Twist it, pull it, flick it... Bop it was like the first time I touched myself.
Someone said we're out of ice. You collapsed on the spot and started sobbing, saying 'but where will all the polar bears live". That drunk.
when the police officer said he was gonna take a picture of the car accident, you asked if you should pose on the hood
I DONT WANT TO PLUS I THINK I FLUSHED MY KEYS DOWN THE TOILET WHILE I WAS PEEING
Is waterboarding an exceptable way of getting sober?
That's cause you yelled across the parking lot you wanted to eat her out
I found him in his pink and white boxer out side the dorm hall and the only thing he said was "it wouldn't let me in"
All my money is going towards making my vagina hairless
Worth it.
I'm going to be an 8 year old girl down there foreverrrr #fountainofyouth
There is nothing worse than the batteries of your vibrator dying on valentines day
we turned the lights off and all you could see were my glow in the dark stars and his penis
Please just help me figure out where the bruise on my face came from.

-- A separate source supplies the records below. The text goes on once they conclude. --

From mathcomp Require Import all_boot all_order all_algebra.
From mathcomp Require Import reals.
From mathcomp.real_closed Require Import complex.
From mathcomp Require Import fingroup perm zify ring.
Import Order.TTheory GRing.Theory Num.Theory.
Local Open Scope ring_scope.
Set Implicit Arguments. Unset Strict Implicit. Unset Printing Implicit Defensive.

(* The Gram matrix G = Phi^* Phi of a Parseval frame is an orthogonal projection
   of trace N.  Bordering a principal minor of G by an index i and summing over
   all i gives, by the Schur complement formula and G^2 = G,
     sum_i det G_{K+i} = (N - |K|) det G_K.
   Hence if all principal k-minors are equal, so are all principal minors of
   every order below k; order 1 says that the norms are equal and order 2 that
   |G_ij|^2 = G_ii G_jj - det G_{ij} is constant.  The volumes only determine
   the k-minors through a square root, which is injective over C; over R it is
   injective on positive numbers, and the same identity forbids all k-minors
   to be nonpositive. *)

Lemma det_bordered_unit (R : idomainType) n (A : 'M[R]_n)
    (b : 'cV_n) (c : 'rV_n) (d : 'M_1) :
  \det A != 0 ->
  \det (block_mx A b c d) = d 0 0 * \det A - (c *m \adj A *m b) 0 0.
Proof.
move=> nzA.
pose X := block_mx 1%:M (- (\adj A *m b)) 0 (\det A)%:M : 'M[R]_(n + 1).
have detX : \det X = \det A by rewrite /X det_ublock det1 det_scalar1 mul1r.
have : \det (block_mx A b c d *m X) =
       \det A * (d 0 0 * \det A - (c *m \adj A *m b) 0 0).
  rewrite /X mulmx_block !mulmx0 !mulmx1 addr0 !mulmxN mulmxA mul_mx_adj.
  rewrite mul_scalar_mx mul_mx_scalar addNr det_lblock det_mx11.
  rewrite -[in RHS]mulmxA !mxE big_ord1 !mxE eqxx mulr1n; congr (_ * _).
  by rewrite addrC.
by rewrite det_mulmx detX mulrC => /mulfI; apply.
Qed.

(* Reduce to the generic case: -char_poly_mx A has a nonzero determinant and
   specialises to A at X = 0. *)
Lemma det_bordered (R : idomainType) n (A : 'M[R]_n)
    (b : 'cV_n) (c : 'rV_n) (d : 'M_1) :
  \det (block_mx A b c d) = d 0 0 * \det A - (c *m \adj A *m b) 0 0.
Proof.
pose Ap : 'M[{poly R}]_n := - char_poly_mx A.
have nzAp : \det Ap != 0.
  rewrite /Ap -scaleN1r detZ -/(char_poly A).
  rewrite mulf_neq0 ?expf_neq0 ?oppr_eq0 ?oner_eq0 //.
  exact: monic_neq0 (char_poly_monic A).
have evAp : map_mx (horner_eval 0) Ap = A.
  apply/matrixP=> i j; rewrite !mxE horner_evalE.
  by rewrite hornerN hornerD hornerN hornerMn hornerX hornerC mul0rn sub0r opprK.
have evC m k (B : 'M[R]_(m, k)) : map_mx (horner_eval 0) (map_mx polyC B) = B.
  by apply/matrixP=> i j; rewrite !mxE horner_evalE hornerC.
move/(congr1 (horner_eval 0)):
  (det_bordered_unit (map_mx polyC b) (map_mx polyC c) (map_mx polyC d) nzAp).
rewrite -det_map_mx map_block_mx evAp !evC => ->.
rewrite rmorphB rmorphM /= -det_map_mx evAp; congr (_ * _ - _).
  by rewrite horner_evalE mxE hornerC.
rewrite -[in RHS](evC _ _ c) -[in RHS](evC _ _ b) -evAp.
by rewrite -map_mx_adj -!map_mxM [RHS]mxE.
Qed.

Lemma split_lshift m n (a : 'I_m) : split (lshift n a) = inl a.
Proof. exact: (unsplitK (inl a)). Qed.

Lemma split_rshift m n (a : 'I_n) : split (rshift m a) = inr a.
Proof. exact: (unsplitK (inr a)). Qed.

Section PrincipalMinors.
Variables (R : idomainType) (M : nat) (G : 'M[R]_M).

Definition pminor n (f : 'I_n -> 'I_M) : R := \det (\matrix_(a, b) G (f a) (f b)).

Definition extend n (f : 'I_n -> 'I_M) (i : 'I_M) (a : 'I_(n + 1)) : 'I_M :=
  if split a is inl a' then f a' else i.

Lemma pminor_eq n (f g : 'I_n -> 'I_M) : f =1 g -> pminor f = pminor g.
Proof. by move=> fg; congr (\det _); apply/matrixP=> a b; rewrite !mxE !fg. Qed.

Lemma pminor_noninj n (f : 'I_n -> 'I_M) : ~~ injectiveb f -> pminor f = 0.
Proof.
case/injectivePn=> a [b neq_ab fab].
by apply: (determinant_alternate neq_ab) => j; rewrite !mxE fab.
Qed.

Lemma pminor_perm n m (f : 'I_n -> 'I_M) (g : 'I_m -> 'I_M) :
  injective f -> injective g -> codom f =i codom g -> pminor f = pminor g.
Proof.
move=> injf injg fg.
have eq_mn : m = n.
  rewrite -(card_ord m) -(card_ord n) -(card_codom injf) -(card_codom injg).
  by apply: eq_card => x; rewrite fg.
subst m.
have gf a : g a \in codom f by rewrite fg codom_f.
have s_inj : injective (fun a => iinv (gf a)).
  by move=> a b /(congr1 f); rewrite !f_iinv => /injg.
pose s := perm s_inj; rewrite /pminor.
have -> : \matrix_(a, b) G (g a) (g b) =
          row_perm s (col_perm s (\matrix_(a, b) G (f a) (f b))).
  by apply/matrixP=> a b; rewrite !mxE !permE /= !f_iinv.
rewrite row_permE col_permE !det_mulmx !det_perm odd_permV mulrCA.
by rewrite -signr_addb addbb mulr1.
Qed.

Lemma injective_extend n (f : 'I_n -> 'I_M) i :
  injectiveb (extend f i) = injectiveb f && (i \notin codom f).
Proof.
apply/injectiveP/andP=> [inj_fi | [/injectiveP injf fi] a b]; last first.
  rewrite /extend -{2}[a]splitK -{2}[b]splitK.
  case: (split a) => a'; case: (split b) => b' /=.
  - by move/injf->.
  - by move=> fab; rewrite -fab codom_f in fi.
  - by move=> fab; rewrite fab codom_f in fi.
  - by rewrite (ord1 a') (ord1 b').
split.
  apply/injectiveP=> a b fab; apply: (@lshift_inj n 1); apply: inj_fi.
  by rewrite /extend !split_lshift.
apply/codomP=> -[a fa].
have /inj_fi/eqP : extend f i (lshift 1 a) = extend f i (rshift n ord0).
  by rewrite /extend split_lshift split_rshift.
by rewrite eq_lrshift.
Qed.

Lemma pminor_extend n (f : 'I_n -> 'I_M) i :
  pminor (extend f i) = G i i * pminor f -
    (\row_b G i (f b) *m \adj (\matrix_(a, b) G (f a) (f b)) *m \col_a G (f a) i) 0 0.
Proof.
rewrite /pminor.
have -> : \matrix_(a, b) G (extend f i a) (extend f i b) =
    block_mx (\matrix_(a, b) G (f a) (f b)) (\col_a G (f a) i)
             (\row_b G i (f b)) (G i i)%:M.
  apply/matrixP=> a b; rewrite /extend !mxE.
  case: (split a) => a'; rewrite !mxE; case: (split b) => b'; rewrite !mxE //.
  by rewrite (ord1 a') (ord1 b') eqxx mulr1n.
by rewrite det_bordered mxE eqxx mulr1n.
Qed.

Lemma pminor1 i : pminor (fun _ : 'I_1 => i) = G i i.
Proof. by rewrite /pminor det_mx11 mxE. Qed.

Lemma pminor_pair i j :
  pminor (extend (fun _ : 'I_1 => i) j) = G j j * G i i - G j i * G i j.
Proof.
rewrite pminor_extend pminor1 !mxE big_ord1 !mxE big_ord1 !mxE.
by rewrite /cofactor det_mx00 expr0 !mul1r mulr1.
Qed.

Lemma injective_pair (i j : 'I_M) :
  i != j -> injective (extend (fun _ : 'I_1 => i) j).
Proof.
move=> neq_ij; apply/injectiveP; rewrite injective_extend; apply/andP; split.
  by apply/injectiveP=> a b _; rewrite (ord1 a) (ord1 b).
by apply/codomP=> -[a /= eq_ji]; rewrite eq_ji eqxx in neq_ij.
Qed.

Section Idempotent.
Variable N : nat.
Hypotheses (G2 : G *m G = G) (trG : \tr G = N%:R).

(* The Schur complement terms sum to tr (A adj A) = n det A, using G^2 = G. *)
Lemma sum_pminor_extend n (f : 'I_n -> 'I_M) :
  \sum_i pminor (extend f i) = (N%:R - n%:R) * pminor f.
Proof.
under eq_bigr do rewrite pminor_extend.
rewrite sumrB -mulr_suml -trG mulrBl; congr (_ - _).
set A := \matrix_(a, b) G (f a) (f b).
transitivity (\tr (A *m \adj A)); last first.
  by rewrite mul_mx_adj mxtrace_scalar mulr_natl.
transitivity (\sum_i \sum_a \sum_b G i (f b) * \adj A b a * G (f a) i).
  apply: eq_bigr => i _; rewrite mxE; apply: eq_bigr => a _.
  by rewrite !mxE mulr_suml; apply: eq_bigr => b _; rewrite !mxE.
rewrite exchange_big; apply: eq_bigr => a _; rewrite exchange_big mxE.
apply: eq_bigr => b _.
transitivity (\adj A b a * (G *m G) (f a) (f b)); last by rewrite G2 !mxE mulrC.
by rewrite [(G *m G) _ _]mxE mulr_sumr; apply: eq_bigr => i _; ring.
Qed.

End Idempotent.
End PrincipalMinors.

Lemma nat_down_ind (P : nat -> Prop) k :
  (forall n, (n < k)%N -> P (n + 1)%N -> P n) -> P k ->
  forall n, (n <= k)%N -> P n.
Proof.
move=> step Pk n le_nk; rewrite -(subKn le_nk).
elim: (k - n)%N (leq_subr n k) => [|d IH] le_dk; first by rewrite subn0.
apply: step; first by lia.
by rewrite (_ : k - d.+1 + 1 = k - d)%N; [apply: IH; lia | lia].
Qed.

Section ProjectionMinors.
Variables (F : numFieldType) (M N : nat) (G : 'M[F]_M).
Hypotheses (G2 : G *m G = G) (trG : \tr G = N%:R).

Definition const_pminors n c :=
  forall g : 'I_n -> 'I_M, injective g -> pminor G g = c.

Lemma card_notin_codom n (f : 'I_n -> 'I_M) :
  injective f -> #|[predC codom f]| = (M - n)%N.
Proof.
move=> injf.
rewrite -[in RHS](card_ord M) -(cardC (mem (codom f))).
by rewrite card_codom // card_ord addKn.
Qed.

Lemma const_pminors_pred n c : (n < N)%N -> const_pminors (n + 1) c ->
  const_pminors n (c * (M - n)%:R / (N - n)%:R).
Proof.
move=> lt_nN Pc f injf.
have := sum_pminor_extend G2 trG f.
have -> : \sum_i pminor G (extend f i) = \sum_(i in [predC codom f]) c.
  rewrite [RHS]big_mkcond; apply: eq_bigr => i _ /=.
  have := injective_extend f i; rewrite (introT (injectiveP f) injf) inE.
  case: (i \in codom f) => /= inj_fi; first by rewrite pminor_noninj ?inj_fi.
  exact/Pc/injectiveP.
rewrite sumr_const card_notin_codom // -natrB ?(ltnW lt_nN) // => e.
have nz : (N - n)%:R != 0 :> F by rewrite pnatr_eq0 subn_eq0 -ltnNge.
by rewrite mulr_natr e mulrC mulKf.
Qed.

Lemma pminors_le0_pred n : (n < N)%N ->
  (forall g : 'I_(n + 1) -> 'I_M, injective g -> pminor G g <= 0) ->
  forall f : 'I_n -> 'I_M, injective f -> pminor G f <= 0.
Proof.
move=> lt_nN le0 f injf.
have := sum_pminor_extend G2 trG f; rewrite -natrB ?(ltnW lt_nN) // => e.
have : \sum_i pminor G (extend f i) <= 0.
  rewrite -oppr_ge0 -sumrN; apply: sumr_ge0 => i _; rewrite oppr_ge0.
  have [/injectiveP inj_fi|] := boolP (injectiveb (extend f i)); first exact: le0.
  by move/pminor_noninj->.
by rewrite e pmulr_rle0 // ltr0n subn_gt0.
Qed.

Lemma exists_const_pminors k c n : (k <= N)%N -> const_pminors k c ->
  (n <= k)%N -> exists c', const_pminors n c'.
Proof.
move=> le_kN Pc; apply: (nat_down_ind (P := fun n => exists c, const_pminors n c)).
  move=> m lt_mk [c' Pc']; exists (c' * (M - m)%:R / (N - m)%:R).
  by apply: const_pminors_pred => //; apply: leq_trans le_kN.
by exists c.
Qed.

(* If all k-minors were nonpositive, so would be the empty minor, which is 1. *)
Lemma exists_pminor_not_le0 k : (k <= N)%N ->
  exists2 g : 'I_k -> 'I_M, injective g & ~~ (pminor G g <= 0).
Proof.
move=> le_kN.
have [/existsP[g /andP[/injectiveP injg g_gt0]]|/existsPn none] :=
  boolP [exists g : {ffun 'I_k -> 'I_M}, injectiveb g && ~~ (pminor G g <= 0)].
  by exists g.
have le0 : forall g : 'I_k -> 'I_M, injective g -> pminor G g <= 0.
  move=> g injg; move: (none [ffun a => g a]).
  have -> : injectiveb [ffun a => g a].
    by apply/injectiveP=> a b; rewrite !ffunE => /injg.
  by rewrite (pminor_eq G (ffunE _)) negbK.
have inj0 : injective (widen_ord (leq0n M)) by case.
suff : pminor G (widen_ord (leq0n M)) <= 0 by rewrite /pminor det_mx00 ler10.
apply: (nat_down_ind (P := fun n =>
  forall g : 'I_n -> 'I_M, injective g -> pminor G g <= 0) _ le0 (leq0n k) _ inj0).
by move=> n lt_nk; apply: pminors_le0_pred; apply: leq_trans le_kN.
Qed.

Went to open youtube this morning, and the last search was "ten hours of whale sounds" Best pillow talk ever!
So if my boyfriend and I hooked up with the same girl it’s not like I cheated. It’s communal.
I wish I had a tail.
Why?
...why not?
So, I woke up under a table with an alarm clock on my face, my hair in a bag of popcorn, and my phone charger wrapped around me.. what happened?